EXERCISE AIM — Transcribe word for word the lines below from the line with "by case: (eqVneq" through the line with "Hypothesis run : stage_one_run e s.", ends included.

*** DATA SUPPLIED Section Begins ***

(* Let $G=(V,E)$ be a simple connected undirected graph with $n\ge 2$ vertices, let $S$ be the output of Algorithm Stage-One on $G$, and let $S'=S\setminus V(G(P_S))$. Then $S'$ has a system of distinct representatives in $N(S')\setminus S$; that is, there is an injective map $\varphi:S'\to N(S')\setminus S$ such that $(x,\varphi(x))\in E$ for every $x\in S'$.
   Context: For $v\in V$, $N(v)=\{u\in V:(u,v)\in E\}$; for $U\subseteq V$, $N(U)=\{v\in V\setminus U: v \text{ has a neighbor in } U\}$. Algorithm Stage-One: set $S_0=\emptyset$ and $h=0$. While $S_h$ is not a dominating set of $G$: increase $h$ by one; for each $v\in V\setminus S_{h-1}$ its active degree is $|N(v)\setminus (S_{h-1}\cup N(S_{h-1}))|$; if the maximum active degree over $V\setminus S_{h-1}$ is positive, let $v_h$ be any vertex of $V\setminus S_{h-1}$ of maximum active degree, otherwise let $v_h$ be any vertex of $V\setminus(S_{h-1}\cup N(S_{h-1}))$; set $S_h=S_{h-1}\cup\{v_h\}$. The output is $S=S_p=\{v_1,\dots,v_p\}$. For $h\in\{1,\dots,p\}$, let $S(h)=N(v_h)\setminus(S_{h-1}\cup N(S_{h-1}))$. The set of tied pairs is $P_S=\{(v_h,v): h\in\{1,\dots,p\},\ v\in S\cap S(h)\}$. $G(P_S)$ is the subgraph of $G$ whose edges are the tied pairs and whose vertices are the endpoints of tied pairs; $V(G(P_S))$ is its vertex set. *)

From mathcomp Require Import all_boot.
Set Implicit Arguments. Unset Strict Implicit. Unset Printing Implicit Defensive.

Section StageOne.
Variables (T : finType) (e : rel T).

Definition nbr (v : T) : {set T} := [set u | e u v].

Definition nbrS (U : {set T}) : {set T} :=
  [set v | (v \notin U) && [exists u in U, e u v]].

Definition dominating (D : {set T}) : bool := [set: T] \subset D :|: nbrS D.

Definition active_nbrs (D : {set T}) (v : T) : {set T} := nbr v :\: (D :|: nbrS D).
Definition active_deg (D : {set T}) (v : T) : nat := #|active_nbrs D v|.

Definition stage_one_step (D : {set T}) (v : T) : Prop :=
  ~~ dominating D /\ v \notin D /\
  ((exists u, u \notin D /\ 0 < active_deg D u) ->
      forall u, u \notin D -> active_deg D u <= active_deg D v) /\
  (~ (exists u, u \notin D /\ 0 < active_deg D u) -> v \notin D :|: nbrS D).

(* s = [:: v_1; ...; v_p] is a possible run (with any admissible choices) of
   Stage-One: every v_h is an admissible choice given S_{h-1} = {v_1..v_{h-1}},
   and the loop stops exactly when S_p is dominating. *)
Definition stage_one_run (s : seq T) : Prop :=
  (forall s1 v s2, s = s1 ++ v :: s2 -> stage_one_step [set x in s1] v) /\
  dominating [set x in s].

Definition tied (s : seq T) (a b : T) : Prop :=
  exists s1 s2, s = s1 ++ a :: s2 /\ b \in s /\ b \in active_nbrs [set x in s1] a.

Definition in_tied_graph (s : seq T) (x : T) : Prop :=
  exists y, tied s x y \/ tied s y x.

Definition S' (s : seq T) (x : T) : Prop := x \in s /\ ~ in_tied_graph s x.

Definition nbrS' (s : seq T) (v : T) : Prop :=
  ~ S' s v /\ exists u, S' s u /\ e u v.

End StageOne.

(* Every v_h of a Stage-One run has an active neighbour: while S_(h-1) is not
   dominating and G has no isolated vertex, the maximum active degree is
   positive, and v_h attains it.  Choose phi(v_h) in S(h).  Since phi(v_h) is
   adjacent to v_h, it lies in S_(k-1) :|: N(S_(k-1)) for every k > h, so it is
   not active for v_k: phi is injective on S.  For x in S', phi(x) is not in S,
   for otherwise (x, phi(x)) would be a tied pair. *)

From mathcomp Require Import all_boot.

Set Implicit Arguments.
Unset Strict Implicit.
Unset Printing Implicit Defensive.

Lemma connected_no_isolated (T : finType) (e : rel T) :
  (forall x y : T, connect e x y) -> 1 < #|T| -> forall w, exists y, e w y.
Proof.
move=> e_conn n_gt1 w.
have [z w_neq_z] : exists z, w != z.
  have [a [b [_ _ a_neq_b]]] := card_gt1P n_gt1.
  by case: (eqVneq w a) => [->|]; [exists b | exists a].
have /connectP [[|y p] /= p_path z_last] := e_conn w z.
  by rewrite z_last eqxx in w_neq_z.
by case/andP: p_path => wy _; exists y.
Qed.

Section StageOneRun.
Variables (T : finType) (e : rel T).
Hypothesis e_sym : symmetric e.

Lemma nbr_sub_closed_nbrS (D : {set T}) (x : T) :
  x \in D -> nbr e x \subset D :|: nbrS e D.
Proof.
move=> xD; apply/subsetP => u; rewrite inE => ux.
rewrite in_setU inE; case: (u \in D) => //=.
by apply/existsP; exists x; rewrite xD e_sym.
Qed.

Lemma active_deg_gt0_of_not_dominating (D : {set T}) :
  (forall w, exists y, e w y) ->
  ~~ dominating e D -> exists u, u \notin D /\ 0 < active_deg e D u.
Proof.
move=> no_iso /subsetPn [w _]; rewrite in_setU negb_or => /andP [wD wN].
have [y wy] := no_iso w.
have active_nonempty u v : v \in active_nbrs e D u -> 0 < active_deg e D u.
  by move=> vu; rewrite /active_deg card_gt0; apply/set0Pn; exists v.
case yDN: (y \in D :|: nbrS e D); last first.
  by exists w; split=> //; apply: (active_nonempty _ y); rewrite inE yDN inE e_sym.
move: yDN; rewrite in_setU => /orP [yD|yN].
  by case/negP: wN; rewrite inE wD; apply/existsP; exists y; rewrite yD e_sym.
exists y; split; first by move: yN; rewrite inE => /andP [].
by apply: (active_nonempty _ w); rewrite inE in_setU negb_or wD wN inE.
Qed.

Variable s : seq T.

Definition before (x : T) : {set T} := [set y in take (index x s) s].

Lemma split_at_index (x : T) :
  x \in s -> s = take (index x s) s ++ x :: drop (index x s).+1 s.
Proof.
by move=> xs; rewrite -{1}(cat_take_drop (index x s) s) (drop_nth x) ?index_mem ?nth_index.
Qed.

Lemma mem_before (x y : T) : x \in s -> index x s < index y s -> x \in before y.
Proof.
move=> xs lt_xy; have -> : x = nth x (take (index y s) s) (index x s).
  by rewrite nth_take // nth_index.
by rewrite inE mem_nth // size_take; case: ifP => // _; rewrite index_mem.
Qed.

Hypothesis run : stage_one_run e s.
Hypothesis no_isolated : forall w, exists y, e w y.

Lemma run_active_nbrs_neq0 (x : T) : x \in s -> exists u, u \in active_nbrs e (before x) x.
Proof.
move=> xs; have [not_dom [_ [max_deg _]]] := run.1 _ _ _ (split_at_index xs).
have [u [uD u_pos]] := active_deg_gt0_of_not_dominating no_isolated not_dom.
have := leq_trans u_pos (max_deg (ex_intro _ u (conj uD u_pos)) u uD).
by rewrite /active_deg card_gt0 => /set0Pn.
Qed.

Definition active_pick (x : T) : T := odflt x [pick u in active_nbrs e (before x) x].

Lemma active_pickP (x : T) : x \in s -> active_pick x \in active_nbrs e (before x) x.
Proof.
rewrite /active_pick => xs; case: pickP => [//|none] /=.
by have [u] := run_active_nbrs_neq0 xs; rewrite none.
Qed.

Lemma edge_active_pick (x : T) : x \in s -> e x (active_pick x).
Proof. by move/active_pickP; rewrite !inE e_sym => /andP []. Qed.

Lemma active_pick_neq (x y : T) :
  x \in s -> y \in s -> index x s < index y s -> active_pick x != active_pick y.
Proof.
move=> xs ys lt_xy; apply/eqP => eq_pick.
have := active_pickP ys; rewrite -eq_pick inE => /andP [/negP not_closed _].
apply/not_closed/(subsetP (nbr_sub_closed_nbrS (mem_before xs lt_xy))).
by rewrite inE e_sym edge_active_pick.
Qed.

Lemma active_pick_inj_in : {in s &, injective active_pick}.
Proof.
move=> x y xs ys eq_pick; case: (ltngtP (index x s) (index y s)) => [lt_xy|lt_yx|eq_idx].
- by case/eqP: (active_pick_neq xs ys lt_xy).
- by case/eqP: (active_pick_neq ys xs lt_yx).
- by rewrite -(nth_index x xs) eq_idx nth_index.
Qed.

Lemma active_pick_notin_S (x : T) : S' e s x -> active_pick x \notin s.
Proof.
case=> xs not_tied; apply/negP => pick_s; apply: not_tied.
exists (active_pick x); left; exists (take (index x s) s), (drop (index x s).+1 s).
by rewrite -split_at_index // pick_s active_pickP.
Qed.

End StageOneRun.

Theorem claim1 (T : finType) (e : rel T)
  (e_sym : symmetric e) (e_irr : irreflexive e)
  (e_conn : forall x y : T, connect e x y)
  (n_ge2 : 1 < #|T|)
  (s : seq T) (run : stage_one_run e s) :
  exists phi : T -> T,
    (forall x y, S' e s x -> S' e s y -> phi x = phi y -> x = y) /\
    (forall x, S' e s x ->
       (nbrS' e s (phi x) /\ phi x \notin s) /\ e x (phi x)).
Proof.
have no_iso := connected_no_isolated e_conn n_ge2.
exists (active_pick e s); split.
  by move=> x y [xs _] [ys _]; apply: (active_pick_inj_in e_sym run no_iso).
move=> x x_S'; have pick_notin_s := active_pick_notin_S e_sym run no_iso x_S'.
have x_edge := edge_active_pick e_sym run no_iso x_S'.1.
have pick_notin_S' : ~ S' e s (active_pick e s x).
  by case=> pick_s _; rewrite pick_s in pick_notin_s.
by do !split => //; exists x.
Qed.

*** DATA SUPPLIED Section Ends ***

YOUR RESPONSE —
  by case: (eqVneq w a) => [->|]; [exists b | exists a].
have /connectP [[|y p] /= p_path z_last] := e_conn w z.
  by rewrite z_last eqxx in w_neq_z.
by case/andP: p_path => wy _; exists y.
Qed.

Section StageOneRun.
Variables (T : finType) (e : rel T).
Hypothesis e_sym : symmetric e.

Lemma nbr_sub_closed_nbrS (D : {set T}) (x : T) :
  x \in D -> nbr e x \subset D :|: nbrS e D.
Proof.
move=> xD; apply/subsetP => u; rewrite inE => ux.
rewrite in_setU inE; case: (u \in D) => //=.
by apply/existsP; exists x; rewrite xD e_sym.
Qed.

Lemma active_deg_gt0_of_not_dominating (D : {set T}) :
  (forall w, exists y, e w y) ->
  ~~ dominating e D -> exists u, u \notin D /\ 0 < active_deg e D u.
Proof.
move=> no_iso /subsetPn [w _]; rewrite in_setU negb_or => /andP [wD wN].
have [y wy] := no_iso w.
have active_nonempty u v : v \in active_nbrs e D u -> 0 < active_deg e D u.
  by move=> vu; rewrite /active_deg card_gt0; apply/set0Pn; exists v.
case yDN: (y \in D :|: nbrS e D); last first.
  by exists w; split=> //; apply: (active_nonempty _ y); rewrite inE yDN inE e_sym.
move: yDN; rewrite in_setU => /orP [yD|yN].
  by case/negP: wN; rewrite inE wD; apply/existsP; exists y; rewrite yD e_sym.
exists y; split; first by move: yN; rewrite inE => /andP [].
by apply: (active_nonempty _ w); rewrite inE in_setU negb_or wD wN inE.
Qed.

Variable s : seq T.

Definition before (x : T) : {set T} := [set y in take (index x s) s].

Lemma split_at_index (x : T) :
  x \in s -> s = take (index x s) s ++ x :: drop (index x s).+1 s.
Proof.
by move=> xs; rewrite -{1}(cat_take_drop (index x s) s) (drop_nth x) ?index_mem ?nth_index.
Qed.

Lemma mem_before (x y : T) : x \in s -> index x s < index y s -> x \in before y.
Proof.
move=> xs lt_xy; have -> : x = nth x (take (index y s) s) (index x s).
  by rewrite nth_take // nth_index.
by rewrite inE mem_nth // size_take; case: ifP => // _; rewrite index_mem.
Qed.

Hypothesis run : stage_one_run e s.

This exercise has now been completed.